━━ THE RECORDS ━━

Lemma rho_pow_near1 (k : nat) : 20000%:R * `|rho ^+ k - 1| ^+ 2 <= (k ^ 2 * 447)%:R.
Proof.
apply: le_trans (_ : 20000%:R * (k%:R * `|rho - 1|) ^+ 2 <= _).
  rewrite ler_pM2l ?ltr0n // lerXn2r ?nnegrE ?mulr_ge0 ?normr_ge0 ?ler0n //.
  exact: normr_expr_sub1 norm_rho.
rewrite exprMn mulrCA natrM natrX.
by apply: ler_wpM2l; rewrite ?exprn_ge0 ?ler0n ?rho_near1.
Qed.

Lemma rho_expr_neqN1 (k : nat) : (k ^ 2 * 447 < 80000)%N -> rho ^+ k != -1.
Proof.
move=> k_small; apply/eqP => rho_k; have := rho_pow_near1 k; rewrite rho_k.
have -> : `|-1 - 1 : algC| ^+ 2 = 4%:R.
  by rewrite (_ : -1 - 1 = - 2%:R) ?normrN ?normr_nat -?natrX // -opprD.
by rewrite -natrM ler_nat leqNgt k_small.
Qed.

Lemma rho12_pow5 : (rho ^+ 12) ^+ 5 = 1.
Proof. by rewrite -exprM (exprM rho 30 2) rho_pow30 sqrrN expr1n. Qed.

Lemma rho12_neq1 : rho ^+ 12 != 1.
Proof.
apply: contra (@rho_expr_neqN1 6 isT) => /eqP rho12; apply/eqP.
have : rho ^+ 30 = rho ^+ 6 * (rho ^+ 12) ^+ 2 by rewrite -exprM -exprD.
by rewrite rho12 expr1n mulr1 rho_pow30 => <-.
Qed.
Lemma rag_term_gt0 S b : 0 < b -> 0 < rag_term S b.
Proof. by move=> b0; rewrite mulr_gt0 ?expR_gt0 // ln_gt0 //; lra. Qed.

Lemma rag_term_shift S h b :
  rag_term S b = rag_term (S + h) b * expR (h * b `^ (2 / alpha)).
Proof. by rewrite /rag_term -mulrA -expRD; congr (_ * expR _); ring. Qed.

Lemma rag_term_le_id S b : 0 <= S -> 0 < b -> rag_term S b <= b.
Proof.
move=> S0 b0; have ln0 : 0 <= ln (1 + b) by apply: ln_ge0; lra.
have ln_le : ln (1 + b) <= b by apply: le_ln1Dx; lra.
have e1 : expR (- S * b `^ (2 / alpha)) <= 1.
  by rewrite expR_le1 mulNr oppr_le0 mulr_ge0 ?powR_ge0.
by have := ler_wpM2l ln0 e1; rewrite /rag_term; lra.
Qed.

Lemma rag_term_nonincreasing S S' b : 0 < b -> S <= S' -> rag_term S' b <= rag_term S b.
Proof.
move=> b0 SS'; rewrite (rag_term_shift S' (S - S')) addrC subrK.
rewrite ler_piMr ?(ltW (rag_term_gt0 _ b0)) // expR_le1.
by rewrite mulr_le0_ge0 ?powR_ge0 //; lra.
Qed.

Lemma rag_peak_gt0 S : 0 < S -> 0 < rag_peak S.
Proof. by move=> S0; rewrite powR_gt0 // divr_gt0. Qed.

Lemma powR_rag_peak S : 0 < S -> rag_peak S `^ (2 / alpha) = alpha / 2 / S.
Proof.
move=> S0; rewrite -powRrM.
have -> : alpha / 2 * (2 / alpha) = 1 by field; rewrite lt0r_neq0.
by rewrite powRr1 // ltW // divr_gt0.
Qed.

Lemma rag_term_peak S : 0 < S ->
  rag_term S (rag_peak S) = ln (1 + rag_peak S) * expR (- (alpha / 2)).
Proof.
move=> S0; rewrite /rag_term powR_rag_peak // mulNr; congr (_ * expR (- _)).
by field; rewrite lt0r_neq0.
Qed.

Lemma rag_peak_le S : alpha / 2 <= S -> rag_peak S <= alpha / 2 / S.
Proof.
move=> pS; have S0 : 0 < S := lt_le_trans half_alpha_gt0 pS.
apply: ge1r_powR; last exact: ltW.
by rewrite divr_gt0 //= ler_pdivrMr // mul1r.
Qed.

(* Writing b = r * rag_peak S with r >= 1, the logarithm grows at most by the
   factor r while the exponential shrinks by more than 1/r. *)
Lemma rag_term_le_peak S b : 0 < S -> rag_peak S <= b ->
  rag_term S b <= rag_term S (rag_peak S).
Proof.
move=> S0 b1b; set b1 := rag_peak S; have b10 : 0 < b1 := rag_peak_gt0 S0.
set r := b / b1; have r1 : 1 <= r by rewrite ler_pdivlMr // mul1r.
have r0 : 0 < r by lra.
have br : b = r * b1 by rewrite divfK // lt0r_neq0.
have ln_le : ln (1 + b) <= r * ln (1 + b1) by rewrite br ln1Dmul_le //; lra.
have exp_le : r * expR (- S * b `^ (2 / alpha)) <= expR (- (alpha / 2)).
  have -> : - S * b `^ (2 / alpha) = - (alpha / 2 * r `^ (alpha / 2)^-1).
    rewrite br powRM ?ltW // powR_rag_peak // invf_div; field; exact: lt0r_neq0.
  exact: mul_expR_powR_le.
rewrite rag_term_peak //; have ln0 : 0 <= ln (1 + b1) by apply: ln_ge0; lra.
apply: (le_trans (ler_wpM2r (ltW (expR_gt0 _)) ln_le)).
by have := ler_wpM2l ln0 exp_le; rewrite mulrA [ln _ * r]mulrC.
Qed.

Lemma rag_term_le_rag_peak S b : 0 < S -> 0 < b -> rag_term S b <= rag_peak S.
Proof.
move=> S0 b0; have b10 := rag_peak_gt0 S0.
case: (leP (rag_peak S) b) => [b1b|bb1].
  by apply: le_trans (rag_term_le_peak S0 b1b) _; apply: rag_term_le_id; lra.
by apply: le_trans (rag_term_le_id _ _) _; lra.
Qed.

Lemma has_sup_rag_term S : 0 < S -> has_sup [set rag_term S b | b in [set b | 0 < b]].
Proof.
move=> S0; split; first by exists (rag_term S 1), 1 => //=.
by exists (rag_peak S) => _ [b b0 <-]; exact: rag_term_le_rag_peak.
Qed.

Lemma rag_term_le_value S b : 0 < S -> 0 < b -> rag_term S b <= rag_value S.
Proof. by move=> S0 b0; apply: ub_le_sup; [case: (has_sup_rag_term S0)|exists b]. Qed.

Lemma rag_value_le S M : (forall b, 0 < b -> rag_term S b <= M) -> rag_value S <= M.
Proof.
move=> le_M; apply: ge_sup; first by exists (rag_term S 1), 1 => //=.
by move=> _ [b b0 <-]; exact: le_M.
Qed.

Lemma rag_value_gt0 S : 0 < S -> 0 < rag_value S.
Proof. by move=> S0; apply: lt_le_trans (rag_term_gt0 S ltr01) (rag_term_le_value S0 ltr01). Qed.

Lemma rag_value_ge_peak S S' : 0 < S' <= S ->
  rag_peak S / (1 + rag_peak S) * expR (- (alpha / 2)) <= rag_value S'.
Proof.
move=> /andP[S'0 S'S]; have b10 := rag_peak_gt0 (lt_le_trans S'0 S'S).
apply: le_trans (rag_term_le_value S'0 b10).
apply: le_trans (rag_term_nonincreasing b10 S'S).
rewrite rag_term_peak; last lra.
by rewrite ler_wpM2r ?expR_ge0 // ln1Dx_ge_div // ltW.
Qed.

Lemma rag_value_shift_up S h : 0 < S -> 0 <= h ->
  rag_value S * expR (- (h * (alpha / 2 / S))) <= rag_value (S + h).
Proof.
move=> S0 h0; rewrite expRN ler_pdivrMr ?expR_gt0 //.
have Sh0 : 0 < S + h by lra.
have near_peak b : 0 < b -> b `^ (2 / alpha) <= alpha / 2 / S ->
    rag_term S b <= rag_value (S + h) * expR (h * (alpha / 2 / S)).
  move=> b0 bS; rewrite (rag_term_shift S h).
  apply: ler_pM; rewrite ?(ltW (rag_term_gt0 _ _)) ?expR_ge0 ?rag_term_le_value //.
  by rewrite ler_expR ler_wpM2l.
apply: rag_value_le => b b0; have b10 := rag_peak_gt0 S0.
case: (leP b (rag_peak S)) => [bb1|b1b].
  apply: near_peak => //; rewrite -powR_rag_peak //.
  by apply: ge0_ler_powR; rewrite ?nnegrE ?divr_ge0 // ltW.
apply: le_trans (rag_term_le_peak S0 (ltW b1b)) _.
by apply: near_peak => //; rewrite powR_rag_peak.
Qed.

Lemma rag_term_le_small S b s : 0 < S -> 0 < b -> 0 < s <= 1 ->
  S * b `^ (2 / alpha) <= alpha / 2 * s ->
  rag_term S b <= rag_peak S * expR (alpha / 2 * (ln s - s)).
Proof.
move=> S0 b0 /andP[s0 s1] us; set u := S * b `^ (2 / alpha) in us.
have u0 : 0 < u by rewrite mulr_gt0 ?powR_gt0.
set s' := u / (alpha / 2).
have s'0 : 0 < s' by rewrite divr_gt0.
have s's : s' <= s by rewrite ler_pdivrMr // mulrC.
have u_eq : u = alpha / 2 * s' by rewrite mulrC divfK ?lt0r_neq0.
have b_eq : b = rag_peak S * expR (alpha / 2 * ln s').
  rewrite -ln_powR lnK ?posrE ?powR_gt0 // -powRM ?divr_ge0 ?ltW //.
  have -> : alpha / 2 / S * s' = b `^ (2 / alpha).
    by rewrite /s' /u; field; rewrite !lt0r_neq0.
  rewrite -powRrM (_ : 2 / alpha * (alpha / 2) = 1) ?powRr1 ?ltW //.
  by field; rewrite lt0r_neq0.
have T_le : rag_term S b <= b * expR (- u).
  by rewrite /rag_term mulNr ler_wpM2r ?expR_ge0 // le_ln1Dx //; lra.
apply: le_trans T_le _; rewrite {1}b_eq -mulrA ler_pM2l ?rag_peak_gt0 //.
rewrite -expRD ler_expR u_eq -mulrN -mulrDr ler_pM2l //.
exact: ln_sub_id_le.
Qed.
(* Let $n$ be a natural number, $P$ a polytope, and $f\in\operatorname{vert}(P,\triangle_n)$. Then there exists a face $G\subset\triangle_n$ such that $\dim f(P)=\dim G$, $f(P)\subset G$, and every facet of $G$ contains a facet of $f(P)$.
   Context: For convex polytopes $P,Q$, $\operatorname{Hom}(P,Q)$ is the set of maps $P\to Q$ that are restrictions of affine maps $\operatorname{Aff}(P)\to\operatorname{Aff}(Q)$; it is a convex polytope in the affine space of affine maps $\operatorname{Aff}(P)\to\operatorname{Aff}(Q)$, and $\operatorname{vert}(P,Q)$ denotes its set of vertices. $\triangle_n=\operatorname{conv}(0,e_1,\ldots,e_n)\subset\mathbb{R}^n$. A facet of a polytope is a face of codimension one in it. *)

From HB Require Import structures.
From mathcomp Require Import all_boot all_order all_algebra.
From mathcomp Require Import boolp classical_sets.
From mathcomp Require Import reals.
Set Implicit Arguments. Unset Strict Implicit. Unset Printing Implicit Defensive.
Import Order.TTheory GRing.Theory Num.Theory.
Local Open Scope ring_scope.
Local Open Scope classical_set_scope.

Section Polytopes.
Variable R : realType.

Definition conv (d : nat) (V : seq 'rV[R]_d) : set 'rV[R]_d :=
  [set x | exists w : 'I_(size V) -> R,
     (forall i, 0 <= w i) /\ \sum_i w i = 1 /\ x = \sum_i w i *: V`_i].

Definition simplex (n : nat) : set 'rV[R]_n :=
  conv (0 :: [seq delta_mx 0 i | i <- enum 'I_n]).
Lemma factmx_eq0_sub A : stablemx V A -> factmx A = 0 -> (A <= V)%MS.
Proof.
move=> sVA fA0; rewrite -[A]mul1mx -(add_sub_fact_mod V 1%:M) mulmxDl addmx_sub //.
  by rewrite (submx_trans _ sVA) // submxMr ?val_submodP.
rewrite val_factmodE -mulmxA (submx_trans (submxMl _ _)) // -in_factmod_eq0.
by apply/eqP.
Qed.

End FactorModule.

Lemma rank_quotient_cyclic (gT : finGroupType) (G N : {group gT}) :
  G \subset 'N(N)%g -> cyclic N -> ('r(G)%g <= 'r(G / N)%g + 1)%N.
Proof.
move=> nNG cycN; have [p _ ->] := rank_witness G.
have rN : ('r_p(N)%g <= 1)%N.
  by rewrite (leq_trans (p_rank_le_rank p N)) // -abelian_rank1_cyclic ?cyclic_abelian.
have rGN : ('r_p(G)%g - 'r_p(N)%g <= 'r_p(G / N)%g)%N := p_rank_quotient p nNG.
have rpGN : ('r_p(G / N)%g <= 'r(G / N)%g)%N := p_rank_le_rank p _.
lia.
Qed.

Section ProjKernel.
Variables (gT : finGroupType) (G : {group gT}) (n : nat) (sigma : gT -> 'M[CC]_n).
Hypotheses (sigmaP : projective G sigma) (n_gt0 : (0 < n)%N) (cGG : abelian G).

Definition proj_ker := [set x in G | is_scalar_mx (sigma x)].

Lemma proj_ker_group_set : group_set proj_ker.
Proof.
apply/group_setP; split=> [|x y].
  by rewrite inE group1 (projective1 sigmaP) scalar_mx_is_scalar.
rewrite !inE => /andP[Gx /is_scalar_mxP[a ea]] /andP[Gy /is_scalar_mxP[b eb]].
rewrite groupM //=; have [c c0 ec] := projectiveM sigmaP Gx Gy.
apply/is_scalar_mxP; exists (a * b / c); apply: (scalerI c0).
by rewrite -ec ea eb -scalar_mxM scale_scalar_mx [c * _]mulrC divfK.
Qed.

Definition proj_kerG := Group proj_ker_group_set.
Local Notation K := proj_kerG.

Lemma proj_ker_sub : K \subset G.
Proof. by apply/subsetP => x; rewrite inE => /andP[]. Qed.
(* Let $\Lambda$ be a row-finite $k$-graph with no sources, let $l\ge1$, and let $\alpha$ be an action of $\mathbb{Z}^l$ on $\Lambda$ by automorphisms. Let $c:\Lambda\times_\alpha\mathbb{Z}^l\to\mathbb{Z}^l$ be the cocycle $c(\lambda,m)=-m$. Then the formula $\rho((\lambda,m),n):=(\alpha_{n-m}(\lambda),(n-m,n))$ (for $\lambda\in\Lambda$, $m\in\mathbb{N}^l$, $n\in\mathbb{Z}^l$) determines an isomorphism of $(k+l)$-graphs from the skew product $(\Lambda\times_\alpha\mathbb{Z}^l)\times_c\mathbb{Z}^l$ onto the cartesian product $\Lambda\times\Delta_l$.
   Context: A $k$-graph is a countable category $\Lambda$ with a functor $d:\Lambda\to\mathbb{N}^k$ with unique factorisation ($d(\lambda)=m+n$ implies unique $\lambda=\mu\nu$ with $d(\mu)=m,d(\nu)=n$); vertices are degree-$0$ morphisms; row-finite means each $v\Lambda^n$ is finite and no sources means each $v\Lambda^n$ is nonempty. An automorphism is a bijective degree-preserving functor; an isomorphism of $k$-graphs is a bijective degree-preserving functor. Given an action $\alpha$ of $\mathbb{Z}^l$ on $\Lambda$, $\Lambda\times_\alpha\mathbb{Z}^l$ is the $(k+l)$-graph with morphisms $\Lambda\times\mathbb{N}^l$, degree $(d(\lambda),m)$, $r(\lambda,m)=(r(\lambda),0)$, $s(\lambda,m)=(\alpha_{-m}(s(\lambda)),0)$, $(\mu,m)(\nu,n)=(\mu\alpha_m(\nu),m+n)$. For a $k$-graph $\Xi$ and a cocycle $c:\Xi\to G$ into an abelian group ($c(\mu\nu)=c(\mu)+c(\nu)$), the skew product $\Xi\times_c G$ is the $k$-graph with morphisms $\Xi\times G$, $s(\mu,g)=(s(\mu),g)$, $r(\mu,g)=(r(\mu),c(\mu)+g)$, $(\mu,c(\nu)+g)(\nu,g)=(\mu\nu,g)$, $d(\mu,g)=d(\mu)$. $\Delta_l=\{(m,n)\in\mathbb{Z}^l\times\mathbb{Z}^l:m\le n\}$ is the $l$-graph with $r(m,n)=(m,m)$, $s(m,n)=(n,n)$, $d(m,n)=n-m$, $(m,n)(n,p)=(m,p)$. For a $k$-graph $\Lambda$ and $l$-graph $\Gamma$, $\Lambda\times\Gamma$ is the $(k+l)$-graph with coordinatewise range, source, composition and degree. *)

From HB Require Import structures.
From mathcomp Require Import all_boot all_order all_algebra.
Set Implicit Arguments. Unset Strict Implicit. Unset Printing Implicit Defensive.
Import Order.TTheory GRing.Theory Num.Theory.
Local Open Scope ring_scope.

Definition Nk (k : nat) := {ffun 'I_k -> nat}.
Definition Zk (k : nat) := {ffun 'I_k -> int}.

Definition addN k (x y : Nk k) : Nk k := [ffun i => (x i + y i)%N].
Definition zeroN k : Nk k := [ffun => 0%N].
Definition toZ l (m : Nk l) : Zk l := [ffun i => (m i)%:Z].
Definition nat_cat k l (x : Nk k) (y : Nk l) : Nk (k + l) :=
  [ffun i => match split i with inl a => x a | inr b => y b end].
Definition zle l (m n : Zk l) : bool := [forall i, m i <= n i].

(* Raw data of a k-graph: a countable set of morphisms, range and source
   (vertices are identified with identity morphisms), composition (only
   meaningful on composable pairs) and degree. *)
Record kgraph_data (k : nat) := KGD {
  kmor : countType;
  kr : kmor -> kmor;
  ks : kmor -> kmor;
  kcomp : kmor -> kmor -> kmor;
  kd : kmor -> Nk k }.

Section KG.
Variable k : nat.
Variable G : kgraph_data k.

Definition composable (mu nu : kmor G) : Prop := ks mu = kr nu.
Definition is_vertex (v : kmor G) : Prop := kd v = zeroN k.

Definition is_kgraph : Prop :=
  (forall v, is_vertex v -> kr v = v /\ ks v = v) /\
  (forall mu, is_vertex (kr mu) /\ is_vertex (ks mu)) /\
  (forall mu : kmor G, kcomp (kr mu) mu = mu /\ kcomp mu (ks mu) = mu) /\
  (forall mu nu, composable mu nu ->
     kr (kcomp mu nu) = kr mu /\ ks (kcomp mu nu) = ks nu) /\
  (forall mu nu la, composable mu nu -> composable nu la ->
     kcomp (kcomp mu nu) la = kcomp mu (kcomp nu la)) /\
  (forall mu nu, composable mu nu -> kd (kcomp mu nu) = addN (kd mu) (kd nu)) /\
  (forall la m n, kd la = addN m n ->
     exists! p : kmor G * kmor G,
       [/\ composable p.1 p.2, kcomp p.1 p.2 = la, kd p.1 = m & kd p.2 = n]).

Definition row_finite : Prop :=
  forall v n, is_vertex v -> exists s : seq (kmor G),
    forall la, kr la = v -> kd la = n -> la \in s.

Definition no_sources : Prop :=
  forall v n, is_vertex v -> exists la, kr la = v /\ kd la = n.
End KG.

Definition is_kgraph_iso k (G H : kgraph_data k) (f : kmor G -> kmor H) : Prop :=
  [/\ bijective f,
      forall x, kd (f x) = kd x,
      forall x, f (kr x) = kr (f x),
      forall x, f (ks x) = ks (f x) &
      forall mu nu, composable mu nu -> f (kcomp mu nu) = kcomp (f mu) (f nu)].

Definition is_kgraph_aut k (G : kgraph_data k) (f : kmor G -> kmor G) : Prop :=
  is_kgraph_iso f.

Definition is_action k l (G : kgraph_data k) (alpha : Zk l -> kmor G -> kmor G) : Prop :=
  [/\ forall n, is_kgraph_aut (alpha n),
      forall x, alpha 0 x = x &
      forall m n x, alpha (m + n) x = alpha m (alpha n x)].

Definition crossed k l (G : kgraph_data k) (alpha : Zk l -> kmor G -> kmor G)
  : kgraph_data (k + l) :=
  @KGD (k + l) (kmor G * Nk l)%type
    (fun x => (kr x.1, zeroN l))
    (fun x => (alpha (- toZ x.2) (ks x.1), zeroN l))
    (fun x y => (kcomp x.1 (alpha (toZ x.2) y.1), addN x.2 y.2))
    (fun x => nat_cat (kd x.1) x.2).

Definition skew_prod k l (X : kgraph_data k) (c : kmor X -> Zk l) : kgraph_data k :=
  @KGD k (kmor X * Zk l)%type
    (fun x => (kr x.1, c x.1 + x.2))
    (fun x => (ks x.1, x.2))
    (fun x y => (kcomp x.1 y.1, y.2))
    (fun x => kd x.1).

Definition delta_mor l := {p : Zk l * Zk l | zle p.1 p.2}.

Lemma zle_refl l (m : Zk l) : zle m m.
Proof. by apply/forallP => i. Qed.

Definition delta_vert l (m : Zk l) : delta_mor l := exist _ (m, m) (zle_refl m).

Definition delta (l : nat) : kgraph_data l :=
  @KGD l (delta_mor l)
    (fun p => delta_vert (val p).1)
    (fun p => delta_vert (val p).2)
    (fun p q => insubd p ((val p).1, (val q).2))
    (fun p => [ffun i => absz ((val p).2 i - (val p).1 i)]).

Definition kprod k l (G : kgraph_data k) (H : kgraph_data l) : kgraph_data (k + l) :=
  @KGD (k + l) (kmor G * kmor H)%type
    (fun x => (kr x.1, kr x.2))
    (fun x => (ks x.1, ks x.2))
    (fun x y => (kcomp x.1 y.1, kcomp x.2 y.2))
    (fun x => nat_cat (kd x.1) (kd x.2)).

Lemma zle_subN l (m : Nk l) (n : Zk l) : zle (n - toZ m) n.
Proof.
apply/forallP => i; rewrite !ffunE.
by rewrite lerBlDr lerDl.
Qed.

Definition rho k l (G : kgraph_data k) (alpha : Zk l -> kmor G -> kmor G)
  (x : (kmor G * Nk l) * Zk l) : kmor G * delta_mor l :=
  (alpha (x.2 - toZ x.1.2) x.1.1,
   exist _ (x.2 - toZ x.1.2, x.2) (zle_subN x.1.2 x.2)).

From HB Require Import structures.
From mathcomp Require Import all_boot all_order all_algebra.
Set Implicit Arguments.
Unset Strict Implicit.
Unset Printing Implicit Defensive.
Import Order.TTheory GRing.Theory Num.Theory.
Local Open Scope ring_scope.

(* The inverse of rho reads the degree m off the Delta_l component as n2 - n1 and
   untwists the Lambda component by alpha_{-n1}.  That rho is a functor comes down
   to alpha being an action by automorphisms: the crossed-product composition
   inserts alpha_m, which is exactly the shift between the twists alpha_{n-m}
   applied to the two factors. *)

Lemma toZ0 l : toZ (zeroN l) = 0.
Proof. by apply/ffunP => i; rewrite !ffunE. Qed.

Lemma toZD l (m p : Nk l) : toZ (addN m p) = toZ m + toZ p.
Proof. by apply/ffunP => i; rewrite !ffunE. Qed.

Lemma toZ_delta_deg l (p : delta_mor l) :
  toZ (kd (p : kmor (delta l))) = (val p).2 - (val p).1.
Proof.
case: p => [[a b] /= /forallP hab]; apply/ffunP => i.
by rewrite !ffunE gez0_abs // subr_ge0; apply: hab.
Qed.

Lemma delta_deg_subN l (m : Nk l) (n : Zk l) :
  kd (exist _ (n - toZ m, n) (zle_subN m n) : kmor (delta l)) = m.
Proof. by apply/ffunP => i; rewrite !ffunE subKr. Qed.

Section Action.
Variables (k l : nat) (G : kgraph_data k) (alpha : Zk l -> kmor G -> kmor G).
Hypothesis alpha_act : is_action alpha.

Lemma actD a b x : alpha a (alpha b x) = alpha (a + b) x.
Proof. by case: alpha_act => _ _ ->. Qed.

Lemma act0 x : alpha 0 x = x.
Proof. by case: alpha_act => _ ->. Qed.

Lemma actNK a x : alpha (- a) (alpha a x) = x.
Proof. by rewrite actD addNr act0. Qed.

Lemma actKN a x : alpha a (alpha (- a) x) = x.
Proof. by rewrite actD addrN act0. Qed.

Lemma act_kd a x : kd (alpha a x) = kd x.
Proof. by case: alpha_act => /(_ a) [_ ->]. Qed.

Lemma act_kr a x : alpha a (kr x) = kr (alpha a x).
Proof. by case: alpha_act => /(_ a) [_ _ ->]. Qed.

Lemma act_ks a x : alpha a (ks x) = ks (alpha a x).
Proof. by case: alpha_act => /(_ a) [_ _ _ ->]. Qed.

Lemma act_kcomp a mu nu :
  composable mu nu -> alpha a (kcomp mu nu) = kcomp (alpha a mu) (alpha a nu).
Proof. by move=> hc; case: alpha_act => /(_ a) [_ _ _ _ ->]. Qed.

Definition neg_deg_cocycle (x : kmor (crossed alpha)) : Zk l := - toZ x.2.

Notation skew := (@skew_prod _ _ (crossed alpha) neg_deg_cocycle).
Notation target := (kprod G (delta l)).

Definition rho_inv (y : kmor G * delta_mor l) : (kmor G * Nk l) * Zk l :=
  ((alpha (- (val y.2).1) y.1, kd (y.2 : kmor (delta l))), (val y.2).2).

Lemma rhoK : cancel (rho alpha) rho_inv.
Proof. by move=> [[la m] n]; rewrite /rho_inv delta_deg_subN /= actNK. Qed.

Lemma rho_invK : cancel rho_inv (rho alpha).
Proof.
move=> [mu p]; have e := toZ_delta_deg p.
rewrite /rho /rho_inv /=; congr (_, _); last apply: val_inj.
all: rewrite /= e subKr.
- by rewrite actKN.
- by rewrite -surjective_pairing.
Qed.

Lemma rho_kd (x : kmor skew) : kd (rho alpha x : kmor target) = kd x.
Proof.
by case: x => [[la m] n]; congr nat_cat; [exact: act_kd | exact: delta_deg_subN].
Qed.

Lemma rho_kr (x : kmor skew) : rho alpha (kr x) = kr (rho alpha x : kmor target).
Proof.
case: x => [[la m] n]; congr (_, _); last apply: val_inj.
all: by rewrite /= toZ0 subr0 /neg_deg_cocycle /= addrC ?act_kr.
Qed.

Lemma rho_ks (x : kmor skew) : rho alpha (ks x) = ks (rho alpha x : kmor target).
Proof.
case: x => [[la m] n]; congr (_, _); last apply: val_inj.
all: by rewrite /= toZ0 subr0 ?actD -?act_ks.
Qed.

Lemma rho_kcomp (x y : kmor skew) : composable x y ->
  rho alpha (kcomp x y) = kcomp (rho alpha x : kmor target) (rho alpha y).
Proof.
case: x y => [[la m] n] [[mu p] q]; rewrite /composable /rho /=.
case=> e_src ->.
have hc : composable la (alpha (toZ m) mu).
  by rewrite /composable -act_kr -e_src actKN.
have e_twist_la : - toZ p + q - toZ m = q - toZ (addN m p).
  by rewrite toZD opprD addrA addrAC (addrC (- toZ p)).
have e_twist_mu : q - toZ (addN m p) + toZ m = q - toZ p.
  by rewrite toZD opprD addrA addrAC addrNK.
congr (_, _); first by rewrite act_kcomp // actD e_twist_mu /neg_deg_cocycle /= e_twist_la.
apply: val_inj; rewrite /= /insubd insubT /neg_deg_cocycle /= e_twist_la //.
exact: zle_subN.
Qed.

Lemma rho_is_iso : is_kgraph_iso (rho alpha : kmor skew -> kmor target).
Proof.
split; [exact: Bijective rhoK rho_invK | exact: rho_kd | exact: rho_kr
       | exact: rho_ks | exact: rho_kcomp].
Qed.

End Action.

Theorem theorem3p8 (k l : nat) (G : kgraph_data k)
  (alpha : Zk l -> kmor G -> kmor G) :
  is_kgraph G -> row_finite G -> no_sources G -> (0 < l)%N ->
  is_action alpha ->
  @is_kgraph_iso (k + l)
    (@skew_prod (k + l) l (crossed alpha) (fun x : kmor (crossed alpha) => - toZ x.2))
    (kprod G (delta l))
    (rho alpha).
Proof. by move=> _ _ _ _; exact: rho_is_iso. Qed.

━━━

Gather each line from the entries above that includes the word "actKN".

Lemma actKN a x : alpha a (alpha (- a) x) = x.
- by rewrite actKN.
  by rewrite /composable -act_kr -e_src actKN.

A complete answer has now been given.